Poetics and Polyphony
“For Goethe, the compendium is a book in which the manifold and the particulars are put together and at the same time linked together as a whole.”
But Goethe does not stop at reflecting on the collective as a social principle, but extends his considerations, like Emerson after him, to the field of poetics: The Journeyman Years are a work “that announces itself as collective,” he writes in a letter. This is clearly expressed in the aphoristic appendix of the novel, entitled “From Makarie’s Archives”: “The sciences on the whole are always moving away from life and return to it only by detour. / For they are actually compendia of life; they bring outer and inner experiences together into a general picture.” For Goethe, the core term of these sentences, the ‘compendium,’ is closely related to the concept of the collective. For him, the compendium is a book in which the manifold and the particulars are placed alongside one another and at the same time linked together as a whole. The individual does not get lost in the whole or even dissolve into it, but on the contrary, it first comes into its own. What Makarie embodies as a person in intellectual and social terms, finds its aesthetic counterpart in Makarie’s archive – and therefore in his Goethe’s novel itself.

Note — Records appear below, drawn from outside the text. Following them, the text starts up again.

(* Let $d\ge2$ be an integer, $P\subset\mathbb{R}^d$ a finite set, and $S$ a rectilinear Steiner minimal tree of $P$. Let $B$ be the set of circumballs of the line segments of $S$. Then for any $\lambda>0$, $B$ is $(\lambda,O(\lambda^d))$-thick.
   Context: A rectilinear Steiner tree of $P$ is a connected geometric graph containing all points of $P$ whose edges are line segments parallel to coordinate axes (possibly using extra ''Steiner'' vertices); its length is the total length of its segments; a rectilinear Steiner minimal tree (RSMT) is one of minimum length. The circumball of a segment $xy$ is the closed ball having $xy$ as a diameter. A collection $D$ of subsets of $\mathbb{R}^d$ is $\kappa$-thick if no point lies in more than $\kappa$ elements of $D$; a subset is $\lambda$-related if the ratio between diameters of any two of its elements is at most $\lambda$; $D$ is $(\lambda,\kappa)$-thick if no point lies in more than $\kappa$ elements of any $\lambda$-related subset of $D$. The constant in $O(\lambda^d)$ may depend on $d$. *)

From Stdlib Require Import Reals List.
From mathcomp Require Import ssreflect ssrfun ssrbool eqtype ssrnat fintype bigop.
Open Scope R_scope.

Definition point (d : nat) := 'I_d -> R.

Definition edist {d : nat} (x y : point d) : R :=
  sqrt (\big[Rplus/0]_(i < d) (x i - y i)^2).

Definition segment (d : nat) := (point d * point d)%type.

Definition axis_parallel {d : nat} (s : segment d) : Prop :=
  exists i : 'I_d, fst s i <> snd s i /\ forall j : 'I_d, j <> i -> fst s j = snd s j.

Definition seg_length {d : nat} (s : segment d) : R := edist (fst s) (snd s).

Definition total_length {d : nat} (E : list (segment d)) : R :=
  fold_right (fun s acc => seg_length s + acc) 0 E.

Inductive reach {d : nat} (E : list (segment d)) : point d -> point d -> Prop :=
  | reach_refl x : reach E x x
  | reach_fwd x y z : In (x, y) E -> reach E y z -> reach E x z
  | reach_bwd x y z : In (y, x) E -> reach E y z -> reach E x z.

(* A rectilinear Steiner tree of P: a connected geometric graph with vertex
   list V (containing P; the extra vertices are Steiner points) and edge list E,
   all of whose edges are axis-parallel segments between vertices. *)
Definition rect_steiner_tree {d : nat} (P : list (point d))
    (V : list (point d)) (E : list (segment d)) : Prop :=
  (forall p, In p P -> In p V) /\
  (forall s, In s E -> In (fst s) V /\ In (snd s) V /\ axis_parallel s) /\
  (forall u v, In u V -> In v V -> reach E u v).

Definition RSMT {d : nat} (P : list (point d))
    (V : list (point d)) (E : list (segment d)) : Prop :=
  rect_steiner_tree P V E /\
  forall V' E', rect_steiner_tree P V' E' -> total_length E <= total_length E'.

(* A closed ball, represented by (center, radius). *)
Definition ball (d : nat) := (point d * R)%type.

Definition in_ball {d : nat} (x : point d) (b : ball d) : Prop :=
  edist x (fst b) <= snd b.

Definition diam {d : nat} (b : ball d) : R := 2 * snd b.

Definition circumball {d : nat} (s : segment d) : ball d :=
  ((fun i => (fst s i + snd s i) / 2), seg_length s / 2).

Definition related {d : nat} (lam : R) (D : list (ball d)) : Prop :=
  forall a b, In a D -> In b D -> diam a <= lam * diam b.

The poetic text is for Goethe both at the same time: a form of expression and a medium of reflection on the collective as a basic social and aesthetic problem. What Emerson placed at the centre of his conception of American culture and literature, what Whitman reflects in his self-characterization as a “multitude” and which still resonates in Hutchins and Niebuhr – basically all this is already in place with Goethe, indeed it only needed to be put together. Above all, it becomes clear that the reconstruction of the collective is at the same time an intellectual history of the “Open Society” (Karl Popper), understood as a social and political community of the many and the different. It is an idea that has not lost its explosiveness and relevance to this day.